15-16, the ends of each strap of mesh 25 to be fixed are placed
into the open device 2 (as part of a normal sacral colpopexy
procedure, after the straps are affixed to the vaginal muscularis).
Once placed into the device, each mesh strap is pulled sequentially
under the feed tongue 9 in the direction of the angled barbs 10
(see FIGS. 11 and 16) until the desired amount of tension is
achieved. The end of each mesh 25 strap is then successively
released against the angled barbs 10 such that the mesh 25 is held
in place.
[0041] As shown in FIG. 17 and described in more detail above, the
intermediate latch 4 is then closed onto base 6 such that the lock
feature 11 on intermediate latch 4 releasably locks onto base 6.

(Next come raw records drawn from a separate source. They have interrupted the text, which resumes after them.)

Lemma g_root_above x : 0 < x -> - x * ln (2 * q) < 1 ->
  exists y, x / p < y /\ g p q x y = 1.
Proof.
  intros Hx Hmin. pose proof (lt_div_p x Hx). pose proof ln_kappa_neg.
  set (kappa0 := - / ln (q * (1 + 2 * p))).
  pose proof (opp_inv_mul_opp (ln (q * (1 + 2 * p))) ltac:(lra)).
  set (Y := Rmax kappa0 (x / p) + 1).
  pose proof (Rmax_l kappa0 (x / p)). pose proof (Rmax_r kappa0 (x / p)).
  assert (HY : 1 < g p q x Y).
  { pose proof (g_ge_kappa x Y ltac:(unfold Y; lra) ltac:(unfold Y; lra)).
    unfold Y, kappa0 in *. nra. }
  destruct (continuity_IVT (g p q x) (x / p) Y 1) as [y [Hy E]].
  - apply g_continuous.
  - unfold Y. lra.
  - left. rewrite g_at_x_div_p by exact Hx. lra.
  - exists y. split; [|exact E].
    destruct Hy as [[Hy | <-] _]; [exact Hy|].
    rewrite g_at_x_div_p in E by exact Hx. lra.
Qed.

Lemma g_root_below x : 0 < x -> - x * ln (2 * q) < 1 <= - x * ln (2 * p * q) ->
  exists y, x <= y < x / p /\ g p q x y = 1.
Proof.
  intros Hx Hbounds. pose proof (lt_div_p x Hx).
  destruct (continuity_IVT (g p q x) x (x / p) 1) as [y [Hy E]].
  - apply g_continuous.
  - lra.
  - right. rewrite g_at_x_div_p, g_diag by exact Hx. lra.
  - exists y. split; [|exact E]. split; [lra|].
    destruct Hy as [_ [Hy | ->]]; [exact Hy|].
    rewrite g_at_x_div_p in E by exact Hx. lra.
Qed.

Lemma sol_y_pos x y : sol p q x y -> 0 < y.
Proof.
  intros [Hx [Hxy E]]. destruct (Rlt_or_le 0 y) as [Hy|Hy]; [exact Hy|].
  replace x with 0 in E by lra. replace y with 0 in E by lra.
  rewrite g_0_l in E. lra.
Qed.

Lemma sol_x_le x y : sol p q x y -> x <= - / ln (2 * q).
Proof.
  intros Hs. pose proof (sol_y_pos x y Hs) as Hy. destruct Hs as [Hx [Hxy E]].
  pose proof (g_ge_lambda x y ltac:(lra) Hy). pose proof ln_2q_neg.
  pose proof (opp_inv_mul_opp (ln (2 * q)) ltac:(lra)). nra.
Qed.

Lemma sol_y_le x y : sol p q x y -> y <= - / ln (q * (1 + 2 * p)).
Proof.
  intros Hs. pose proof (sol_y_pos x y Hs) as Hy. destruct Hs as [Hx [Hxy E]].
  pose proof (g_ge_kappa x y ltac:(lra) Hy). pose proof ln_kappa_neg.
  pose proof (opp_inv_mul_opp (ln (q * (1 + 2 * p))) ltac:(lra)). nra.
Qed.

Lemma sol_lambda0_iff y :
  sol p q (- / ln (2 * q)) y <-> y = - / (p * ln (2 * q)).
Proof.
  pose proof ln_2q_neg. pose proof p_pos.
  set (lambda0 := - / ln (2 * q)).
  assert (Hl : - lambda0 * ln (2 * q) = 1) by (unfold lambda0; field; lra).
  assert (Hl0 : 0 < lambda0) by (apply opp_inv_pos; lra).
  replace (- / (p * ln (2 * q))) with (lambda0 / p) by (unfold lambda0; field; lra).
  split.
  - intros Hs. pose proof (sol_y_pos _ _ Hs) as Hy. destruct Hs as [Hx [Hxy E]].
    rewrite (g_eq_lambda lambda0 y ltac:(lra) Hy ltac:(lra)). field. lra.
  - intros ->. pose proof (lt_div_p lambda0 Hl0).
    split; [lra | split; [lra|]]. rewrite g_at_x_div_p; lra.
Qed.
(* Let $p>1$, $s\ge r\ge2$, let $Q$ be an $s$-vertex $r$-graph and let $\mathcal P$ be a hereditary property of $r$-graphs with $\lambda^{(p)}(Q,\mathcal P)>0$. Writing $\lambda_n^{(p)}=\lambda^{(p)}(Q,\mathcal P_n)$, there exist infinitely many $n$ such that $$\frac{\lambda_{n-1}^{(p)}(n-1)^{s/p}}{(n-1)_s}-\frac{\lambda_n^{(p)}n^{s/p}}{(n)_s}<\frac{1}{n\log n}\cdot\frac{\lambda_n^{(p)}n^{s/p}}{(n)_s},$$ where $(m)_s=m(m-1)\cdots(m-s+1)$.
   Context: An $r$-graph ($r\ge 2$) is a finite hypergraph all of whose edges have exactly $r$ vertices. For $I\subseteq V(H)$, $H[I]$ denotes the induced subhypergraph on $I$. For an $s$-vertex $r$-graph $Q$ and an $r$-graph $H$, $\mathcal N(Q,H)$ is the number of (not necessarily induced) subgraphs of $H$ isomorphic to $Q$. For an $n$-vertex $r$-graph $H$ with vertex set $[n]$ and $\mathbf x\in\mathbb R^n$, $P_{Q,H}(\mathbf x)=s!\sum_{\{i_1,\dots,i_s\}\in\binom{[n]}{s}}\mathcal N(Q,H[\{i_1,\dots,i_s\}])\,x_{i_1}\cdots x_{i_s}$, and for $p\ge1$, $\lambda^{(p)}(Q,H)=\max_{\|\mathbf x\|_p=1}P_{Q,H}(\mathbf x)$. A hereditary property $\mathcal P$ of $r$-graphs is a family of $r$-graphs closed under isomorphism and under taking induced subgraphs; as a standing assumption, whenever $H\in\mathcal P$, the disjoint union of $H$ with an isolated vertex is also in $\mathcal P$. $\mathcal P_n$ is the set of members of $\mathcal P$ with $n$ vertices; $\lambda^{(p)}(Q,\mathcal P_n)=\max\{\lambda^{(p)}(Q,H):H\in\mathcal P_n\}$ and $\lambda^{(p)}(Q,\mathcal P)=\lim_{n\to\infty}\lambda^{(p)}(Q,\mathcal P_n)n^{s/p-s}$ (this limit exists). Here $\log$ is the natural logarithm. *)

From HB Require Import structures.
From mathcomp Require Import all_boot all_order all_algebra.
From mathcomp Require Import all_classical all_reals all_analysis.
Set Implicit Arguments. Unset Strict Implicit. Unset Printing Implicit Defensive.
Import Order.TTheory GRing.Theory Num.Theory numFieldNormedType.Exports.
Local Open Scope ring_scope.

Definition is_rgraph (r n : nat) (E : {set {set 'I_n}}) : Prop :=
  forall e, e \in E -> #|e| = r.

(* Number of (not necessarily induced) subgraphs (V',E') of the hypergraph
   with vertex set V and edge set E that are isomorphic to the s-vertex
   hypergraph with edge set EQ: those are exactly the pairs
   (f('I_s), {f(e) | e in EQ}) with f : 'I_s -> V injective and f(EQ) in E. *)
Definition nsub (s n : nat) (EQ : {set {set 'I_s}})
    (V : {set 'I_n}) (E : {set {set 'I_n}}) : nat :=
  #|[set VE : {set 'I_n} * {set {set 'I_n}} |
     [exists f : {ffun 'I_s -> 'I_n},
       [&& injectiveb f, f @: [set: 'I_s] \subset V,
           VE.1 == f @: [set: 'I_s],
           VE.2 == (fun e : {set 'I_s} => f @: e) @: EQ & VE.2 \subset E]]]|.

Definition induced (n : nat) (E : {set {set 'I_n}}) (I : {set 'I_n}) :
  {set {set 'I_n}} := [set e in E | e \subset I].

Local Open Scope classical_set_scope.

Definition PQH (R : realType) (s n : nat) (EQ : {set {set 'I_s}})
    (E : {set {set 'I_n}}) (x : 'I_n -> R) : R :=
  (s`!)%:R * \sum_(I : {set 'I_n} | #|I| == s)
     (nsub EQ I (induced E I))%:R * \prod_(i in I) x i.

Definition pnorm (R : realType) (n : nat) (p : R) (x : 'I_n -> R) : R :=
  (\sum_(i < n) `|x i| `^ p) `^ p^-1.

(* lambda^{(p)}(Q,H) = max over the unit l^p sphere (written as sup; the
   sphere is compact and P_{Q,H} continuous, so the sup is attained) *)
Definition lamH (R : realType) (p : R) (s n : nat) (EQ : {set {set 'I_s}})
    (E : {set {set 'I_n}}) : R :=
  sup [set PQH EQ E x | x in [set x : 'I_n -> R | pnorm p x = 1]].

Definition property := forall n : nat, {set {set 'I_n}} -> Prop.

(* Hereditary property of r-graphs (with the standing isolated-vertex
   assumption).  Closure under isomorphism and induced subgraphs is encoded
   as closure under pulling back along injections 'I_m -> 'I_n (a bijection
   gives isomorphism closure, an injection onto I gives H[I] relabelled). *)
Definition hereditary_rprop (r : nat) (P : property) : Prop :=
  [/\ (forall n E, P n E -> is_rgraph r E),
      (forall m n (f : 'I_m -> 'I_n) (E : {set {set 'I_n}}),
          injective f -> P n E ->
          P m (finset (fun e : {set 'I_m} => f @: e \in E)))
    & (forall n (E : {set {set 'I_n}}),
          P n E -> P n.+1 ((fun e : {set 'I_n} => widen_ord (leqnSn n) @: e) @: E))].

Definition lamPn (R : realType) (p : R) (s : nat) (EQ : {set {set 'I_s}})
    (P : property) (n : nat) : R :=
  sup [set lamH p EQ E | E in [set E : {set {set 'I_n}} | P n E]].

Definition lamP (R : realType) (p : R) (s : nat) (EQ : {set {set 'I_s}})
    (P : property) : R :=
  limn (fun n : nat => lamPn p EQ P n * n%:R `^ (s%:R / p - s%:R)).

Definition anorm (R : realType) (p : R) (s : nat) (EQ : {set {set 'I_s}})
    (P : property) (n : nat) : R :=
  lamPn p EQ P n * n%:R `^ (s%:R / p) / (n ^_ s)%:R.

From HB Require Import structures.
From mathcomp Require Import all_boot all_order all_algebra.
From mathcomp Require Import all_classical all_reals all_analysis.
Import Order.TTheory GRing.Theory Num.Theory numFieldNormedType.Exports.
From mathcomp Require Import zify lra.
Local Open Scope classical_set_scope.
Local Open Scope ring_scope.

(* Since n^{s/p-s} <= n^{s/p}/(n)_s, the normalised values a_n dominate the
   sequence n^{s/p-s} lambda_n, which tends to lambda(Q,P) > 0; hence a_n >= c > 0
   for large n.  If a_{n-1} - a_n >= a_n/(n log n) held for all large n, then
   a_{n-1} - a_n >= c/(n log n) >= c (log log (n+1) - log log n), so
   a_n + c log log (n+1) would be non-increasing, which is absurd because
   a_n >= 0 while log log n is unbounded. *)

Lemma leq_ffact_exp (n m : nat) : (n ^_ m <= n ^ m)%N.
Proof.
elim: m n => [|m IHm] n; first by rewrite ffactn0 expn0.
rewrite ffactnS expnS leq_mul2l; apply/orP; right.
apply: leq_trans (IHm n.-1) _; have [->|m0] := posnP m; first by rewrite !expn0.
by rewrite leq_exp2r // leq_pred.
Qed.

Section RealSequences.
Context {R : realType}.

Lemma ln_sub_le_div (x y : R) : 0 < x -> x <= y -> ln y - ln x <= (y - x) / x.
Proof.
move=> x0 xy; have y0 : 0 < y by apply: lt_le_trans xy.
rewrite -ln_div ?posrE //.
have -> : y / x = 1 + (y - x) / x by rewrite mulrBl divff ?gt_eqF // addrC subrK.
apply: le_ln1Dx; apply: lt_le_trans (_ : 0 <= _); first by rewrite ltrN10.
by rewrite divr_ge0 ?subr_ge0 // ltW.
Qed.

Lemma lnln_succ_sub_le (k : nat) : (2 <= k)%N ->
  ln (ln (k.+1%:R : R)) - ln (ln (k%:R : R)) <= (k%:R * ln (k%:R : R))^-1.
Proof.
move=> k2.
have k0 : (0 : R) < k%:R by rewrite ltr0n; case: k k2.
have lk0 : (0 : R) < ln k%:R by apply: ln_gt0; rewrite ltr1n.
have kk : (k%:R : R) <= k.+1%:R by rewrite ler_nat.
have lkk : ln (k%:R : R) <= ln k.+1%:R.
  by rewrite ler_ln ?posrE // (lt_le_trans k0 kk).
apply: le_trans (ln_sub_le_div _ _ lk0 lkk) _.
rewrite invfM; apply: ler_wpM2r; first by rewrite invr_ge0 ltW.
apply: le_trans (ln_sub_le_div _ _ k0 kk) _.
by rewrite -natrB // subSnn mul1r.
Qed.

Lemma lnln_nat_unbounded (K : R) (M : nat) :
  exists2 n, (M <= n)%N & K < ln (ln (n%:R : R)).
Proof.
set n := maxn M (Num.truncn (expR (expR K))).+1.
exists n; first exact: leq_maxl.
have eKn : expR (expR K) < n%:R.
  by apply: lt_le_trans (truncnS_gt _) _; rewrite ler_nat leq_maxr.
have n0 : 0 < (n%:R : R) by apply: lt_trans eKn; rewrite expR_gt0.
have lK : expR K < ln (n%:R : R).
  by rewrite -(expRK (expR K)) ltr_ln ?posrE ?expR_gt0.
by rewrite -(expRK K) ltr_ln ?posrE ?expR_gt0 // (lt_trans (expR_gt0 _) lK).
Qed.

Lemma infinitely_many_slow_steps (a : nat -> R) (c : R) :
  0 < c -> (\forall n \near \oo, c <= a n) ->
  forall N, exists n, (N < n)%N /\
    a n.-1 - a n < (n%:R * ln (n%:R : R))^-1 * a n.
Proof.
move=> c0 [M _ ac] N; apply: contrapT => no_slow.
have fast n : (N < n)%N -> (n%:R * ln (n%:R : R))^-1 * a n <= a n.-1 - a n.
  by move=> Nn; rewrite leNgt; apply/negP => slow; apply: no_slow; exists n.
set M' := maxn (maxn N M) 1.
set g := fun m => a m + c * ln (ln (m.+1%:R : R)).
have g_step m : (M' <= m)%N -> g m.+1 <= g m.
  move=> Mm; have m2 : (2 <= m.+1)%N by lia.
  have Nm : (N < m.+1)%N by lia.
  have cam : c <= a m.+1 by apply: ac => /=; lia.
  have w0 : 0 <= (m.+1%:R * ln (m.+1%:R : R))^-1.
    by rewrite invr_ge0 mulr_ge0 // ln_ge0 // ler1n.
  have lw := lnln_succ_sub_le _ m2; have aw := fast _ Nm.
  have : c * (ln (ln m.+2%:R) - ln (ln m.+1%:R)) <= a m - a m.+1.
    apply: le_trans (ler_wpM2l (ltW c0) lw) _.
    by apply: le_trans aw; rewrite mulrC ler_wpM2l.
  rewrite /g mulrBr; lra.
have g_le j : g (M' + j)%N <= g M'.
  by elim: j => [|j IHj]; rewrite ?addn0 // addnS (le_trans (g_step _ _)) ?leq_addr.
have [n Mn lnln_big] := lnln_nat_unbounded (g M' / c) M'.+1.
have := g_le (n.-1 - M')%N; rewrite subnKC; last by lia.
have can : c <= a n.-1 by apply: ac => /=; lia.
move: lnln_big; rewrite ltr_pdivrMr // [_ * c]mulrC /g prednK; last by lia.
lra.
Qed.

Lemma powR_subn_le_div_ffact (e : R) (n s : nat) :
  (0 < n)%N -> (s <= n)%N ->
  n%:R `^ (e - s%:R) <= n%:R `^ e / (n ^_ s)%:R.
Proof.
move=> n0 sn.
have powRe : (n%:R : R) `^ e = n%:R `^ (e - s%:R) * n%:R ^+ s.
  rewrite -powR_mulrn ?ler0n // -powRD ?subrK //.
  by apply/implyP => _; rewrite pnatr_eq0 -lt0n.
have f0 : (0 : R) < (n ^_ s)%:R by rewrite ltr0n ffact_gt0.
rewrite powRe -mulrA ler_peMr ?powR_ge0 //.
by rewrite ler_pdivlMr // mul1r -natrX ler_nat leq_ffact_exp.
Qed.

Lemma limn_gt0_lower_bound (u : nat -> R) : 0 < limn u ->
  exists2 c, 0 < c & \forall n \near \oo, c <= u n.
Proof.
(* [limn] of a divergent sequence is 0, so a positive limit is a true limit. *)
move=> L0; have uL : u @ \oo --> limn u.
  by apply: contrapT => ncu; move: L0; rewrite (dvgP ncu) ltxx.
exists (limn u / 2); first by rewrite divr_gt0.
have half_lt : limn u / 2 < limn u by rewrite ltr_pdivrMr // ltr_pMr // ltr1n.
have ugt := cvgr_gt _ uL _ half_lt.
near=> n; apply/ltW; near: n; exact: ugt.
Unshelve. all: by end_near.
Qed.

End RealSequences.

Theorem lemma3p4 (R : realType) (p : R) (r s : nat)
    (EQ : {set {set 'I_s}}) (P : property) :
  1 < p -> (2 <= r)%N -> (r <= s)%N -> is_rgraph r EQ ->
  hereditary_rprop r P ->
  0 < lamP p EQ P ->
  forall N : nat, exists n : nat, (N < n)%N /\
    anorm p EQ P n.-1 - anorm p EQ P n
      < (n%:R * ln (n%:R : R))^-1 * anorm p EQ P n.
Proof.
(* Only the positivity of lambda(Q,P) is needed. *)
move=> _ _ _ _ _ L0; have [c c0 bc] := limn_gt0_lower_bound _ L0.
apply: (infinitely_many_slow_steps (anorm p EQ P) c c0); near=> n.
have n0 : (0 < n)%N by near: n; exact: nbhs_infty_gt.
have sn : (s <= n)%N by near: n; exact: nbhs_infty_ge.
have cb : c <= lamPn p EQ P n * n%:R `^ (s%:R / p - s%:R) by near: n.
have x0 : 0 < (n%:R : R) `^ (s%:R / p - s%:R) by rewrite powR_gt0 // ltr0n.
have lam0 : 0 <= lamPn p EQ P n by rewrite -(pmulr_lge0 _ x0) (le_trans (ltW c0)).
apply: le_trans cb _; rewrite /anorm -mulrA.
by apply: (ler_wpM2l lam0); apply: powR_subn_le_div_ffact.
Unshelve. all: by end_near.
Qed.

The current invention uses a snap fit for the lock feature between
the mating parts, but one skilled in the art will readily
understand that a variety of lock design configurations could
suffice. If the tension and position of the mesh straps 25 is
determined to be incorrect, a latch release 12 on intermediate
latch 4 is squeezed together using forceps (or other laparoscopic
tools) causing the lock feature 11 to release from base 6, which
enables opening of intermediate latch 4 from base 6 and subsequent
retentioning of the mesh 25 straps. Once mesh 25 strap tension is
verified, intermediate latch 4 and final latch 1 are sequentially
closed onto base 6. Final latch 1 has a similar snap lock feature
13 that fixedly locks final latch 1 onto a mating feature on base 6
(as shown in FIG. 15), which permanently locks the device 2 onto
the mesh 25 straps to prevent accidental release (as shown in FIG.
18).
[0042] The preferred embodiment for the current invention employs a
suitable bio-compatible material such as thermo-plastic (injection
moldable) for all parts of the device 2. For example, Peek-Optima
is a suitable implantable biomaterial for the surgical and medical
device markets, sold by Invibio.RTM. Biomaterial Solutions. One
skilled in the art will readily understand that a variety of
materials could suffice, including stainless steel.
[0043] One skilled in the art should readily understand that the
above-described mesh fixation device 2 and method of using them for
sacral colpopexy greatly facilitates the initial attachment of
supporting mesh 25 straps because it is much easier to suture the
fixation device 2 rather than the unwieldy mesh 25 itself, and the
fixation device 2 then facilitates easy readjustment of the mesh 25
strap to achieve the proper tension and position.
[0044] Having now fully set forth the preferred embodiment and
certain modifications of the concept underlying the present
invention, various other embodiments as well as certain variations
and modifications of the embodiments herein shown and described
will obviously occur to those skilled in the art upon becoming
familiar with said underlying concept. It is to be understood,
therefore, that the invention may be practiced otherwise than as
specifically set forth in the appended claims.